Intelligenza Artificiale: in Italia ancora agli albori. Per il lavoro l’automazione è un’opportunità
Agli albori ma con grandi prospettive il mercato italiano dei progetti di Intelligenza Artificiale. Nel 2018 le imprese hanno speso appena 85 milioni di euro e attualmente solo il 12% delle imprese ha portato a regime almeno un progetto di intelligenza artificiale, mentre quasi una su due non si è ancora mossa ma sta per farlo. Questi alcuni dei risultati emersi dalla ricerca dell’Osservatorio Artificial Intelligence della School of Management del Politecnico di Milano.
Imprese italiane e Intelligenza artificiale: prevale la confusione
Le imprese italiane hanno una visione ancora confusa delle opportunità dell’Artificial Intelligence. Ben il 58% delle aziende prese a riferimento dalla ricerca associa l’IA ad una tecnologia capace di replicare completamente la mente umana, il 35% a tecniche come il Machine Learning, il 31% ai soli assistenti virtuali, mentre solo il 14 ha compreso che l’AI mira a replicare specifiche capacità tipiche dell’essere umano (la visione prevalente nella comunità scientifica). L’Artificial Intelligence è una sfida in cui in Italia ancora pochi si sono già cimentati: solo il 12% delle aziende intervistate ha un progetto a regime, l’8% è in fase di implementazione, mentre il 31 ha in corso dei progetti pilota e il 21 ha invece stanziato del budget per concretizzare un’idea progettuale. Poco meno di un terzo delle imprese associa in modo esplicito l’Artificial Intelligence ad uno dei suoi principali campi di applicazione, dimostrando una conoscenza circoscritta del fenomeno. Tra questi, la maggioranza identifica con AI il concetto di assistenti virtuali (31%), poi la capacità di formulazione (12%) e comprensione (9%) del testo, le auto a guida autonoma (9%) e l’estrazione di informazioni dalle immagini). Infine, solo il 7% ha colto che l’AI è un bersaglio mobile, ovvero come evolva il concetto di “intelligenza” ogniqualvolta vengano conseguiti dei successi dalla comunità scientifica in un ambito specifico. “La ricerca evidenzia un mercato dinamico ma ancora agli albori, caratterizzato da una scarsa consapevolezza da parte delle imprese delle opportunità dell’Artificial Intelligence” affermano Nicola Gatti, Giovanni Miragliotta e Alessandro Piva, Direttori dell’Osservatorio Artificial Intelligence. “Tra le imprese italiane prevale per lo più una visione dell’Artificial Intelligence ancora influenzata dai media – dice Alessandro Piva, Direttore dell’Osservatorio Artificial Intelligence – dove prevale una pioggia di stimoli tipico delle fasi di hype che caratterizzano i nuovi trend innovativi, e non una visione informata e consapevole delle potenzialità e del percorso che trasferisce la ricerca in applicazioni”.
Intelligenza artificiale opportunità di lavoro
Ma a parte la confusione c’è un dato che emerge dalla ricerca e che deve far riflettere: l’Artificial Intelligence deve considerarsi più come un’opportunità che una minaccia.
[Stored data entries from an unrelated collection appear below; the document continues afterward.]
(* Walk [axis_steps n j] unit steps along each axis [j] in the direction of
   [zeta 0 j], then go back and forth along [i0] to push the length just past [n]. *)
Definition approx_path n : seq (step d) :=
  flatten [seq nseq (axis_steps n j) (axis_step j) | j <- enum 'I_d] ++
  flatten (nseq (padding_pairs n) [:: Some (i0, true); Some (i0, false)]).

Lemma admissible_approx_path lazy n : admissible lazy (approx_path n).
Proof.
apply: admissible_no_zero_step; rewrite mem_cat negb_or; apply/andP; split.
  by apply/flattenP => -[p /mapP[j _ ->]] /nseqP[].
by apply/flattenP => -[p /nseqP[-> _]]; rewrite !inE.
Qed.

Lemma size_approx_path n :
  size (approx_path n) = (\sum_(j < d) axis_steps n j + 2 * padding_pairs n)%N.
Proof.
rewrite size_cat !size_flatten /shape -map_comp sumnE big_map big_enum /=.
rewrite map_nseq sumnE big_nseq iter_addn_0 /padding_pairs; congr (_ + _)%N.
  by apply: eq_bigr => j _; rewrite size_nseq.
rewrite /=; lia.
Qed.

Lemma approx_path_end n j :
  path_end 0 (approx_path n) 0 j = (axis_steps n j)%:Z * (-1) ^+ (zeta 0 j < 0)%R.
Proof.
rewrite path_end_cat path_end_shift [X in _ + X]path_end_flatten big1_seq ?addr0.
  rewrite path_end_flatten big_map big_enum /= summxE (bigD1 j) //= big1 ?addr0.
    by rewrite path_end_nseq mxE step_vec_axis eqxx mulr1.
  by move=> k kj; rewrite path_end_nseq mxE step_vec_axis (negbTE kj) !mulr0.
by move=> p /andP[_ /nseqP[-> _]] /=; rewrite add0r addrN.
Qed.

Lemma sum_axis_steps_le n : l1 zeta <= 1 -> (\sum_(j < d) axis_steps n j <= n)%N.
Proof.
move=> zeta1; rewrite -(ler_nat R) natr_sum.
apply: le_trans (_ : \sum_(j < d) n%:R * `|zeta 0 j| <= _).
  by apply: ler_sum => j _; rewrite truncn_le mulr_ge0.
by rewrite -mulr_sumr -[leRHS]mulr1 ler_wpM2l.
Qed.

Lemma size_approx_path_bounds n : l1 zeta <= 1 ->
  (n < size (approx_path n) <= n + 2)%N.
Proof.
move=> /(sum_axis_steps_le n); rewrite size_approx_path /padding_pairs.
have := odd_double_half (n - \sum_(j < d) axis_steps n j); rewrite -mul2n.
case: odd => /=; lia.
Qed.

End approx_path.

Section real_sequences.
Context {R : realType}.

Lemma cvg_invn : (n%:R : R)^-1 @[n --> \oo] --> 0.
Proof.
apply/gtr0_cvgV0; last exact: cvgr_idn.
by near=> n; rewrite ltr0n; near: n; exact: nbhs_infty_gt.
Unshelve. all: by end_near.
Qed.

Lemma cvg_truncn_scaled (y : R) : 0 <= y ->
  (n%:R^-1 * (truncn (n%:R * y))%:R) @[n --> \oo] --> y.
Proof.
move=> y0; apply: (@squeeze_cvgr _ _ _ _ (fun n => y - n%:R^-1) (fun _ => y)).
- near=> n; have n0 : (0 : R) < n%:R by rewrite ltr0n; near: n; exact: nbhs_infty_gt.
  have /andP[trunc_le trunc_gt] := truncn_itv (mulr_ge0 (ler0n R n) y0).
  rewrite ler_pdivlMl // ler_pdivrMl // mulrBr mulfV ?gt_eqF // trunc_le andbT.
  by move: trunc_gt; rewrite -natr1; lra.
- by rewrite -[X in _ --> X]subr0; apply: cvgB; [exact: cvg_cst | exact: cvg_invn].
- exact: cvg_cst.
Unshelve. all: by end_near.
Qed.

Lemma cvg_ratio_bounded_shift (k : nat -> nat) c : (forall n, n <= k n <= n + c)%N ->
  ((k n)%:R / n%:R : R) @[n --> \oo] --> (1 : R).
Proof.
move=> k_bounds.
apply: (@squeeze_cvgr _ _ _ _ (fun _ => 1 : R) (fun n => 1 + c%:R * n%:R^-1)).
- near=> n; have n0 : (0 : R) < n%:R by rewrite ltr0n; near: n; exact: nbhs_infty_gt.
  have /andP[k_ge k_le] := k_bounds n.
  rewrite ler_pdivlMr // mul1r ler_nat k_ge ler_pdivrMr // mulrDl mul1r.
  by rewrite -mulrA mulVf ?gt_eqF // mulr1 -natrD ler_nat.
- exact: cvg_cst.
- rewrite -[X in _ --> X]addr0 -(mulr0 c%:R).
  by apply: cvgD; [exact: cvg_cst | exact: cvgMl_tmp cvg_invn].
Unshelve. all: by end_near.
Qed.

Lemma cvg_mx_entries {m n : nat} (u : nat -> 'M[R]_(m, n)) (M : 'M[R]_(m, n)) :
  (forall i j, u k i j @[k --> \oo] --> M i j) -> u @ \oo --> M.
Proof.
move=> u_cvg A [P P_nbhs sPA].
have : \forall k \near \oo, forall i j, P i j (u k i j).
  by apply: filter_forall => i; apply: filter_forall => j; exact: u_cvg.
by apply: filterS => k uk; apply: sPA.
Qed.

End real_sequences.

Section approx_path_limits.
Context {R : realType} {d : nat} (i0 : 'I_d) (zeta : 'rV[R]_d).

Lemma cvg_approx_path_end :
  (n%:R^-1 *: to_real R (path_end 0 (approx_path i0 zeta n))) @[n --> \oo] --> zeta.
Proof.
apply: cvg_mx_entries => i j; rewrite ord1 [X in _ --> X]numEsign mulrC.
have -> : (fun n => (n%:R^-1 *: to_real R (path_end 0 (approx_path i0 zeta n))) 0 j) =
    (fun n => n%:R^-1 * (axis_steps zeta n j)%:R * (-1) ^+ (zeta 0 j < 0)%R).
  by apply/funext => n; rewrite !mxE approx_path_end intrM intr_sign mulrA.
exact: cvgMr_tmp (cvg_truncn_scaled (normr_ge0 _)).
Qed.

Hypothesis zeta1 : l1 zeta <= 1.

Lemma size_approx_path_cvgy : size (approx_path i0 zeta n) @[n --> \oo] --> \oo.
Proof.
apply/cvgnyPge => m; near=> n; apply: leq_trans (ltnW (_ : n < _)%N).
  by near: n; exact: nbhs_infty_ge.
by have /andP[] := size_approx_path_bounds i0 n zeta1.
Unshelve. all: by end_near.
Qed.

Lemma cvg_size_approx_path :
  ((size (approx_path i0 zeta n))%:R / n%:R : R) @[n --> \oo] --> (1 : R).
Proof.
apply: (@cvg_ratio_bounded_shift _ _ 2) => n.
by have /andP[/ltnW -> ->] := size_approx_path_bounds i0 n zeta1.
Qed.

End approx_path_limits.

Section passage_lower_bound.
Context {R : realType} {d : nat} (lazy : bool) (tw : edge d -> R) (m : R).
Hypothesis tw_ge : forall e, m <= tw e.
(* Zero steps cost 0, so [m] bounds their weight only when [m <= 0]. *)
Hypothesis lazy_m_le0 : lazy -> m <= 0.

Lemma path_weight_ge x p : admissible lazy p -> (size p)%:R * m <= path_weight tw x p.
Proof.
elim: p x => [|s p IHp] x; first by rewrite mul0r.
rewrite /admissible /= => /orP adm.
have step_ge : m <= step_weight tw x s.
  case: s adm => [[i []]|] //= adm; case: adm => // lazy_true; exact: lazy_m_le0.
rewrite -addn1 natrD mulrDl mul1r addrC lerD // IHp //.
by rewrite /admissible; case: adm => [-> | /andP[_ ->]]; rewrite ?orbT.
Qed.

Lemma passage_ge n x : ((n%:R * m)%:E <= passage lazy tw n x)%E.
Proof.
apply: le_bigmin => [|p /andP[adm _]]; first exact: leey.
by rewrite lee_fin -[n in n%:R](size_tuple p) path_weight_ge.
Qed.

End passage_lower_bound.

(* [shape_limit P t lazy g] is [{ae P, forall w, shape_limit_at lazy (t^~ w) g}]. *)
Definition shape_limit_at {R : realType} {d : nat} (lazy : bool) (tw : edge d -> R)
    (g : 'rV[R]_d -> R) : Prop :=
  forall (xi : 'rV[R]_d) (alpha : R) (k : nat -> nat) (x : nat -> 'rV[int]_d),
    l1 xi < alpha ->
    k @ \oo --> \oo ->
    (fun n => (k n)%:R / n%:R : R) @ \oo --> alpha ->
    (forall n, reachable lazy (k n) (x n)) ->
    (fun n => n%:R^-1 *: to_real R (x n)) @ \oo --> xi ->
    (fun n => (n%:R^-1)%:E * passage lazy tw (k n) (x n))%E
      @ \oo --> (alpha * g (alpha^-1 *: xi))%:E.

(* Along [approx_path zeta], the time constant is [g zeta] (take alpha = 1),
   while each of the [~ n] steps costs at least [m]. *)
Lemma shape_ge_weight_lb {R : realType} {d : nat} (i0 : 'I_d) (lazy : bool)
    (tw : edge d -> R) (m : R) (g : 'rV[R]_d -> R) :
  (forall e, m <= tw e) -> (lazy -> m <= 0) -> shape_limit_at lazy tw g ->
  forall zeta, intU zeta -> m <= g zeta.
Proof.
move=> tw_ge lazy_m_le0 g_shape zeta zeta1.
pose k n := size (approx_path i0 zeta n).
have reach n : reachable lazy (k n) (path_end 0 (approx_path i0 zeta n)).
  by exists (in_tuple (approx_path i0 zeta n)); rewrite admissible_approx_path.
have := g_shape zeta 1 k _ zeta1 (size_approx_path_cvgy i0 (ltW zeta1))
  (cvg_size_approx_path i0 (ltW zeta1)) reach (cvg_approx_path_end i0 (zeta := zeta)).
rewrite invr1 scale1r mul1r => passage_cvg.
have lb_cvg : (((k n)%:R / n%:R) * m)%:E @[n --> \oo] --> (1 * m)%:E.
  by apply: EFin_cvg; apply: cvgMr_tmp; exact: cvg_size_approx_path (ltW zeta1).
rewrite -lee_fin -[m in m%:E]mul1r; apply: lee_cvg_to lb_cvg passage_cvg _.
near=> n; rewrite mulrAC mulrC EFinM; apply: lee_wpmul2l; first by rewrite lee_fin invr_ge0.
exact: passage_ge.
Unshelve. all: by end_near.
Qed.
Lemma H_cauchy_modulus An : (forall n, An n !=set0) -> H_cauchy nu An ->
  exists M : nat -> nat, {homo M : i j / (i <= j)%N} /\
    forall j m n, (M j <= m)%N -> (M j <= n)%N ->
      forall p, An m p -> exists2 q, An n q & U (halfpow j.+1) p q.
Proof.
move=> An0 AnC.
have [N hN] := choice (fun j => AnC _ (halfpow_gt0 j.+1)).
pose M := fix M j := if j is j'.+1 then maxn (M j') (N j) else N 0%N.
have NM j : (N j <= M j)%N by case: j => [|j] //=; apply: leq_maxr.
exists M; split.
  by apply: (homo_leq (r := leq)) => [//|y x z|j]; [apply: leq_trans | apply: leq_maxl].
move=> j m n jm jn p Amp.
have /H_gt[hmn _] := hN j m n (leq_trans (NM j) jm) (leq_trans (NM j) jn).
exact: FStar_gt_Unbh (An0 n) hmn Amp.
Qed.

Lemma lower_limit_H_limit An : s_complete nu -> (forall n, An n !=set0) ->
  H_cauchy nu An -> lower_limit An !=set0 /\ H_cvg nu An (lower_limit An).
Proof.
move=> complete An0 AnC; have [M [M_homo M_step]] := H_cauchy_modulus An0 AnC.
split; last exact: lower_limit_H_cvg complete M_homo M_step An0.
have [a Aa] := An0 (M 0%N).
by have [p Ap _] := lower_limit_near complete M_homo M_step Aa; exists p.
Qed.

Lemma Pfc_H_complete : s_complete nu -> H_complete nu (Pfc nu).
Proof.
move=> complete An PAn AnC.
have [A0 AnA] := lower_limit_H_limit complete (fun n => (PAn n).1.1) AnC.
exists (lower_limit An) => //; split; first by split=> //; apply: lower_limit_closed.
by apply: lower_limit_convex => n; case: (PAn n).
Qed.

Definition finitely_covered (I : Type) (O : I -> set L) (S : set L) :=
  exists n (f : 'I_n -> I), forall p, S p -> exists k, O (f k) p.

Definition totally_bounded (A : set L) :=
  forall s, 0 < s -> exists n (f : 'I_n -> L), forall p, A p -> exists k, U s (f k) p.

Lemma s_compact_totally_bounded K : s_compact nu K -> totally_bounded K.
Proof.
move=> Kcomp s s0.
pose O q := [set y | exists2 r, 0 < r & U r y `<=` U s q].
have Oopen q : s_open nu (O q).
  move=> y [r r0 hr]; have r2 : 0 < r / 2 by lra.
  exists (r / 2) => // z hyz; exists (r / 2) => // w hzw.
  by apply: hr; apply: Unbh_trans_half r0 hyz hzw.
have cover p : K p -> exists q, O q p by move=> _; exists p, s.
have [n [f hf]] := Kcomp L O Oopen cover.
exists n, f => p /hf[k [r r0 hr]]; exists k.
exact: hr _ (Unbh_refl p r0).
Qed.

Lemma H_cvg_totally_bounded An A : (forall n, totally_bounded (An n)) ->
  (forall n, An n !=set0) -> H_cvg nu An A -> totally_bounded A.
Proof.
move=> Antb An0 AnA s s0; have s2 : 0 < s / 2 by lra.
have [N hN] := AnA _ s2; have /H_gt[_ hAN] := hN N (leqnn N).
have [n [f hf]] := Antb N _ s2.
exists n, f => p Ap; have [a ANa hpa] := FStar_gt_Unbh (An0 N) hAN Ap.
have [k hk] := hf a ANa; exists k.
by apply: Unbh_le (Unbh_trans s2 s2 hk (Unbh_sym (ltW s2) hpa)); lra.
Qed.

Section Covering.
Variables (I : Type) (O : I -> set L).

Lemma finitely_covered_sub S T : S `<=` T -> finitely_covered O T -> finitely_covered O S.
Proof. by move=> ST [n [f hf]]; exists n, f => p /ST /hf. Qed.

Lemma finitely_covered_neq0 S : ~ finitely_covered O S -> S !=set0.
Proof.
move=> nS; apply: contrapT => S0; apply: nS.
exists 0%N, (fun k : 'I_0 => False_rect I (notF (ltn_ord k))).
by move=> p Sp; exfalso; apply: S0; exists p.
Qed.

Lemma finitely_covered_bigcup n (S : 'I_n -> set L) :
  (forall k, finitely_covered O (S k)) -> finitely_covered O [set p | exists k, S k p].
Proof.
move=> hS.
have /choice[F hF] : forall k, exists F : {m : nat & 'I_m -> I},
    forall p, S k p -> exists j, O (projT2 F j) p.
  by move=> k; have [m [f hf]] := hS k; exists (existT _ m f).
pose T : finType := {k : 'I_n & 'I_(projT1 (F k))}.
exists #|T|, (fun j => let x := enum_val j in projT2 (F (tag x)) (tagged x)).
move=> p [k /(hF k)[j hj]].
by exists (enum_rank (Tagged (fun k => 'I_(projT1 (F k))) j)); rewrite /= enum_rankK.
Qed.

Lemma totally_bounded_refine A S s : totally_bounded A -> S `<=` A ->
  ~ finitely_covered O S -> 0 < s -> exists c, ~ finitely_covered O (S `&` U s c).
Proof.
move=> Atb SA nS s0; apply: contrapT => allc; apply: nS.
have [n [f hf]] := Atb s s0.
apply: finitely_covered_sub (finitely_covered_bigcup (S := fun k => S `&` U s (f k)) _).
  by move=> p Sp; have [k hk] := hf p (SA p Sp); exists k.
by move=> k; apply: contrapT => nk; apply: allc; exists (f k).
Qed.

Lemma not_finitely_covered_nested A : totally_bounded A -> ~ finitely_covered O A ->
  exists S : nat -> set L, [/\ forall i, S i `<=` A, forall i, ~ finitely_covered O (S i),
    forall i j, (i <= j)%N -> S j `<=` S i &
    forall i, exists c, S i.+1 `<=` U (halfpow i.+1) c].
Proof.
move=> Atb nA.
have [S [_ hS]] : exists S : nat -> set L, S 0%N = A /\ forall i,
    (S i `<=` A /\ ~ finitely_covered O (S i)) /\
    (S i.+1 `<=` S i /\ exists c, S i.+1 `<=` U (halfpow i.+1) c).
  apply: (@chain_from _ (fun _ X => X `<=` A /\ ~ finitely_covered O X)
    (fun i X Y => Y `<=` X /\ exists c, Y `<=` U (halfpow i.+1) c)) => [|i X [XA nX]].
    by split.
  have [c nc] := totally_bounded_refine Atb XA nX (halfpow_gt0 i.+1).
  exists (X `&` U (halfpow i.+1) c); split; first by split=> // p [/XA].
  by split=> [p []|]; last exists c => p [].
exists S; split=> [i|i|i j|i]; last by case: (hS i) => _ [].
- by case: (hS i) => -[].
- by case: (hS i) => -[].
- apply: (homo_leq (r := fun X Y => Y `<=` X)) => [X //|Y X Z YX ZY p /ZY /YX //|k].
  by case: (hS k) => _ [].
Qed.

End Covering.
Se 3,6 milioni di posti di lavoro equivalenti potranno essere sostituiti nei prossimi 15 anni dalle macchine, nello stesso periodo a causa della riduzione dell’offerta di lavoro (principalmente per questioni demografiche) e l’incremento di domanda si stima un deficit di circa 4,7 milioni di posti di lavoro nel Paese, da cui emerge un disavanzo positivo di circa 1,1 milioni di posti. In questo scenario di progressiva riduzione della forza lavoro – si legge nella ricerca – l’AI appare non solo come una opportunità, ma come una necessità per mantenere gli attuali livelli di benessere economico e sociale, riducendo i costi assistenziali necessari a mantenere gli standard di vita, creando nuovi lavori a maggiore valore, per avvicinarsi all’1,5 di tasso medio annuo di crescita della produttività che sarebbe necessario, nei prossimi 15 anni, per mantenere invariato l’attuale equilibrio socioeconomico del sistema assistenziale-previdenziale del nostro Paese.